Task brief:
Find the line with "Fekete's lemma lambda(phi)" in the records below. Copy it and every line after it, up to and including the line with "move=> m_gt0 e_gt0.".

[Stored records]
........

(* Let $X$ be a compact Hausdorff space, $\mathcal C=C(X)$ the real continuous functions on $X$ with the supremum norm, $\alpha\colon X\to X$ continuous, $\delta f=f\circ\alpha$, and $A\colon\mathcal C\to\mathcal C$ a transfer operator for $(\mathcal C,\delta)$. Let $\lambda(\varphi)=\lim_{n\to\infty}\frac1n\ln\|A_\varphi^n\mathbf 1\|$ where $A_\varphi f=A(e^\varphi f)$. Then for every linear functional $\mu$ on $\mathcal C$ that does not belong to $M_\delta(\mathcal C)$, \[ \inf_{\varphi\in\mathcal C}\bigl(\lambda(\varphi)-\mu[\varphi]\bigr)=-\infty. \]
   Context: A transfer operator for $(\mathcal C,\delta)$ is a positive linear operator $A\colon\mathcal C\to\mathcal C$ with $A((\delta f)g)=f\,Ag$ for all $f,g\in\mathcal C$. $\mathbf 1$ is the constant function $1$. $M_\delta(\mathcal C)$ is the set of positive linear functionals $\mu$ on $\mathcal C$ with $\mu[\mathbf 1]=1$ and $\mu[\delta f]=\mu[f]$ for all $f\in\mathcal C$. *)

From HB Require Import structures.
From mathcomp Require Import all_boot all_order all_algebra.
From mathcomp Require Import all_classical all_reals all_analysis.
Set Implicit Arguments. Unset Strict Implicit. Unset Printing Implicit Defensive.
Import Order.TTheory GRing.Theory Num.Theory.
Import numFieldNormedType.Exports.
Local Open Scope classical_set_scope.
Local Open Scope ring_scope.

(* C(X) is represented inside X -> R by the predicate [continuous]. *)

Definition sup_norm (R : realType) (X : topologicalType) (f : X -> R) : R :=
  sup (range (fun x => `|f x|)).

Definition lin_on_C (R : realType) (X : topologicalType) (A : (X -> R) -> (X -> R)) :=
  (forall f : X -> R, continuous f -> continuous (A f)) /\
  (forall (a : R) (f g : X -> R), continuous f -> continuous g ->
      A (fun x => a * f x + g x) = (fun x => a * A f x + A g x)).

Definition transfer_operator (R : realType) (X : topologicalType)
    (alpha : X -> X) (A : (X -> R) -> (X -> R)) :=
  lin_on_C A /\
  (forall f : X -> R, continuous f -> (forall x, 0 <= f x) -> forall x, 0 <= A f x) /\
  (forall f g : X -> R, continuous f -> continuous g ->
      A (fun x => f (alpha x) * g x) = (fun x => f x * A g x)).

Definition lin_functional (R : realType) (X : topologicalType) (mu : (X -> R) -> R) :=
  forall (a : R) (f g : X -> R), continuous f -> continuous g ->
    mu (fun x => a * f x + g x) = a * mu f + mu g.

Definition in_M_delta (R : realType) (X : topologicalType) (alpha : X -> X)
    (mu : (X -> R) -> R) :=
  [/\ lin_functional mu,
      (forall f : X -> R, continuous f -> (forall x, 0 <= f x) -> 0 <= mu f),
      mu (fun _ => 1) = 1 &
      (forall f : X -> R, continuous f -> mu (fun x => f (alpha x)) = mu f)].

Definition Aphi_iter (R : realType) (X : topologicalType) (A : (X -> R) -> (X -> R))
    (phi : X -> R) (n : nat) : X -> R :=
  iter n (fun f => A (fun x => expR (phi x) * f x)) (fun _ => 1).

Definition lam_seq (R : realType) (X : topologicalType) (A : (X -> R) -> (X -> R))
    (phi : X -> R) (n : nat) : \bar R :=
  let N := sup_norm (Aphi_iter A phi n) in
  if N == 0 then -oo%E else (ln N / n%:R)%:E.

Definition lam (R : realType) (X : topologicalType) (A : (X -> R) -> (X -> R))
    (phi : X -> R) : \bar R :=
  lim (lam_seq A phi n @[n --> \oo]).

From HB Require Import structures.
From mathcomp Require Import all_boot all_order all_algebra.
From mathcomp Require Import all_classical all_reals all_analysis.
From mathcomp Require Import ring lra.
Set Implicit Arguments. Unset Strict Implicit. Unset Printing Implicit Defensive.
Import Order.TTheory GRing.Theory Num.Theory.
Import numFieldNormedType.Exports.
Local Open Scope classical_set_scope.
Local Open Scope ring_scope.

(* Positivity of A_phi makes n |-> ||A_phi^n 1|| submultiplicative, so by
   Fekete's lemma lambda(phi) is a genuine limit, and comparing A_phi^n 1 with
   iterates of A on constants bounds it: lambda(phi) <= max phi + ln ||A 1||.
   For a coboundary psi = g o alpha - g the transfer identity gives
   A_psi^n 1 = e^g A^n e^(-g), hence lambda(psi) <= ln ||A 1||.
   If mu is not in M_delta, one of its three defining properties fails, and
   each failure yields a family of potentials along which lambda stays bounded
   while mu tends to +oo: phi = -t f with f >= 0 and mu f < 0 if mu is not
   positive, constants if mu 1 <> 1, coboundaries t (f o alpha - f) if mu is
   not delta-invariant. *)

Section fekete.
Variables (R : realType) (u : nat -> R).
Hypothesis u_sub : forall n k, u (n + k)%N <= u n + u k.

Lemma subadditive_mulnD q m r : u (q * m + r)%N <= u m *+ q + u r.
Proof.
elim: q => [|q IH]; first by rewrite mul0n add0n mulr0n add0r.
by rewrite mulSn -addnA (le_trans (u_sub _ _)) // mulrS -addrA lerD2l.
Qed.

Lemma subadditive_rate_eventually_le m e : (0 < m)%N -> 0 < e ->
  exists N, forall n, (N <= n)%N -> u n / n%:R <= u m / m%:R + e.
Proof.
move=> m_gt0 e_gt0.
have mR_gt0 : 0 < m%:R :> R by rewrite ltr0n.
set D := `|u m| + \sum_(r < m) `|u r|.
have u_le_D r : (r < m)%N -> `|u m| + u r <= D.
  move=> rm; rewrite lerD2l (bigD1 (Ordinal rm)) //= ler_wpDr ?sumr_ge0 //.
  exact: ler_norm.
exists (Num.trunc (D / e)).+1 => n Nn.
have nR_gt0 : 0 < n%:R :> R by rewrite ltr0n (leq_trans _ Nn).
(* [n = q m + r] with [r < m] gives [u n <= q u m + u r], and
   [q u m = (n / m) u m - (r / m) u m] with [0 <= r / m <= 1]. *)
have n_eq := divn_eq n m.
pose s := (n %% m)%:R / m%:R :> R.
have s_ge0 : 0 <= s by rewrite divr_ge0.
have s_le1 : s <= 1 by rewrite ler_pdivrMr // mul1r ler_nat ltnW // ltn_pmod.
have um_s_ge : - `|u m| <= u m * s.
  have : `|u m * s| <= `|u m| by rewrite normrM (ger0_norm s_ge0) ler_piMr.
  by have := ler_norm (- (u m * s)); rewrite normrN; lra.
have qum_eq : u m *+ (n %/ m) = u m / m%:R * n%:R - u m * s.
  by rewrite {2}n_eq natrD natrM /s; field; rewrite gt_eqF.
have un_le : u n <= u m / m%:R * n%:R + D.
  rewrite {1}n_eq (le_trans (subadditive_mulnD _ _ _)) // qum_eq.
  by have := u_le_D _ (ltn_pmod n m_gt0); lra.
have D_le : D <= e * n%:R.
  rewrite mulrC -ler_pdivrMr //; apply/ltW/(lt_le_trans (truncnS_gt _)).
  by rewrite ler_nat.
by rewrite ler_pdivrMr // mulrDl; lra.
Qed.

Lemma subadditive_rate_cvg : cvg ((u n / n%:R)%:E @[n --> \oo]).
Proof.
set t := fun n => (u n.+1 / n.+1%:R)%:E.
apply/cvg_ex; exists (ereal_inf (range t)); rewrite -cvg_shiftS.
apply: limn_esup_le_cvg; last by move=> n; apply: ereal_inf_lbound; exists n.
apply: le_ereal_inf_tmp => _ [m _ <-]; apply/lee_addgt0Pr => e e_gt0.
have [N HN] := subadditive_rate_eventually_le (ltn0Sn m) e_gt0.
rewrite limn_esup_lim (cvg_lim _ (@cvg_esups_inf _ _)) //.
apply: (le_trans (ereal_inf_lbound _)); first by exists N.
apply: ub_ereal_sup => _ [n /= Nn <-].
by rewrite lee_fin (HN _ (leqW Nn)).
Qed.

End fekete.

Definition log_rate (R : realType) (a : nat -> R) (n : nat) : \bar R :=
  if a n == 0 then -oo%E else (ln (a n) / n%:R)%:E.

Lemma submultiplicative_log_rate_cvg (R : realType) (a : nat -> R) :
  (forall n, 0 <= a n) -> (forall n k, a (n + k)%N <= a n * a k) ->
  cvg (log_rate a n @[n --> \oo]).
Proof.
move=> a_ge0 a_submul.
have [[k ak0]|a_neq0] := pselect (exists k, a k = 0).
  apply/cvg_ex; exists -oo%E; apply: cvg_near_cst; exists k => // n /= kn.
  have an_le0 : a n <= 0.
    by rewrite -(subnKC kn) (le_trans (a_submul _ _)) // ak0 mul0r.
  by rewrite /log_rate (_ : a n = 0) ?eqxx //; apply/le_anti; rewrite an_le0 a_ge0.
have a_gt0 n : 0 < a n.
  by rewrite lt0r a_ge0 andbT; apply/eqP => an0; apply: a_neq0; exists n.
have -> : log_rate a = fun n => (ln (a n) / n%:R)%:E.
  by apply/funext => n; rewrite /log_rate gt_eqF.
apply: subadditive_rate_cvg => n k.
by rewrite -lnM ?posrE // ler_ln ?posrE ?mulr_gt0.
Qed.

Lemma log_rate_lim_le (R : realType) (a : nat -> R) (E Q : R) :
  cvg (log_rate a n @[n --> \oo]) -> 0 < E -> 0 < Q ->
  (forall n, 0 <= a n <= E * Q ^+ n) ->
  (lim (log_rate a n @[n --> \oo]) <= (ln Q)%:E)%E.
Proof.
move=> a_cvg E_gt0 Q_gt0 a_bnd; apply/lee_addgt0Pr => e e_gt0.
apply: lime_le => //; exists (Num.trunc (`|ln E| / e)).+1 => // n /= Nn.
rewrite /log_rate; case: ifPn => [_|an_neq0]; first exact: leNye.
have n_gt0 : 0 < n%:R :> R by rewrite ltr0n (leq_trans _ Nn).
have [an_ge0 an_le] := andP (a_bnd n).
have : ln (a n) <= ln E + n%:R * ln Q.
  rewrite mulr_natl -lnXn // -lnM ?posrE ?exprn_gt0 //.
  by rewrite ler_ln ?posrE ?mulr_gt0 ?exprn_gt0 // lt0r an_neq0.
have lnE_le : `|ln E| <= e * n%:R.
  rewrite mulrC -ler_pdivrMr //; apply/ltW/(lt_le_trans (truncnS_gt _)).
  by rewrite ler_nat.
have := ler_norm (ln E).
rewrite lee_fin ler_pdivrMr // mulrDl; lra.
Qed.

Section positive_operator.
Variables (R : realType) (X : topologicalType).
Implicit Types (f g h : X -> R) (B : (X -> R) -> (X -> R)).

Lemma continuous_scaleD (a : R) f g :
  continuous f -> continuous g -> continuous (fun x => a * f x + g x).
Proof.
move=> cf cg x; apply: (@continuousD _ _ _ (fun x => a * f x) g); last exact: cg.
by apply: (@continuousM _ _ (fun=> a) f); [exact: cst_continuous|exact: cf].
Qed.

Lemma continuous_mul f g :
  continuous f -> continuous g -> continuous (fun x => f x * g x).
Proof. by move=> cf cg x; apply: (@continuousM _ _ f g); [exact: cf|exact: cg]. Qed.

Lemma continuous_expR_comp f : continuous f -> continuous (fun x => expR (f x)).
Proof.
by move=> cf x; apply: (@continuous_comp _ _ _ f expR); [exact: cf|exact: continuous_expR].
Qed.

Definition positive_operator B :=
  [/\ forall f, continuous f -> continuous (B f),
      forall (a : R) f g, continuous f -> continuous g ->
        B (fun x => a * f x + g x) = (fun x => a * B f x + B g x) &
      forall f, continuous f -> (forall x, 0 <= f x) -> forall x, 0 <= B f x].

Section properties.
Variable B : (X -> R) -> (X -> R).
Hypothesis B_pos : positive_operator B.

Lemma positive_operatorZ (a : R) f :
  continuous f -> B (fun x => a * f x) = (fun x => a * B f x).
Proof.
case: B_pos => _ B_lin _ cf.
have c0 : continuous (fun _ : X => 0 : R) by exact: cst_continuous.
have B0 : B (fun _ => 0) = (fun _ => 0).
  have := B_lin (-1) _ _ c0 c0; under eq_fun do rewrite mulr0 addr0.
  by move=> ->; apply/funext => x; rewrite mulN1r addNr.
have := B_lin a _ _ cf c0; under eq_fun do rewrite addr0.
by move=> ->; rewrite B0; under eq_fun do rewrite addr0.
Qed.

........

Solution below:
   Fekete's lemma lambda(phi) is a genuine limit, and comparing A_phi^n 1 with
   iterates of A on constants bounds it: lambda(phi) <= max phi + ln ||A 1||.
   For a coboundary psi = g o alpha - g the transfer identity gives
   A_psi^n 1 = e^g A^n e^(-g), hence lambda(psi) <= ln ||A 1||.
   If mu is not in M_delta, one of its three defining properties fails, and
   each failure yields a family of potentials along which lambda stays bounded
   while mu tends to +oo: phi = -t f with f >= 0 and mu f < 0 if mu is not
   positive, constants if mu 1 <> 1, coboundaries t (f o alpha - f) if mu is
   not delta-invariant. *)

Section fekete.
Variables (R : realType) (u : nat -> R).
Hypothesis u_sub : forall n k, u (n + k)%N <= u n + u k.

Lemma subadditive_mulnD q m r : u (q * m + r)%N <= u m *+ q + u r.
Proof.
elim: q => [|q IH]; first by rewrite mul0n add0n mulr0n add0r.
by rewrite mulSn -addnA (le_trans (u_sub _ _)) // mulrS -addrA lerD2l.
Qed.

Lemma subadditive_rate_eventually_le m e : (0 < m)%N -> 0 < e ->
  exists N, forall n, (N <= n)%N -> u n / n%:R <= u m / m%:R + e.
Proof.
move=> m_gt0 e_gt0.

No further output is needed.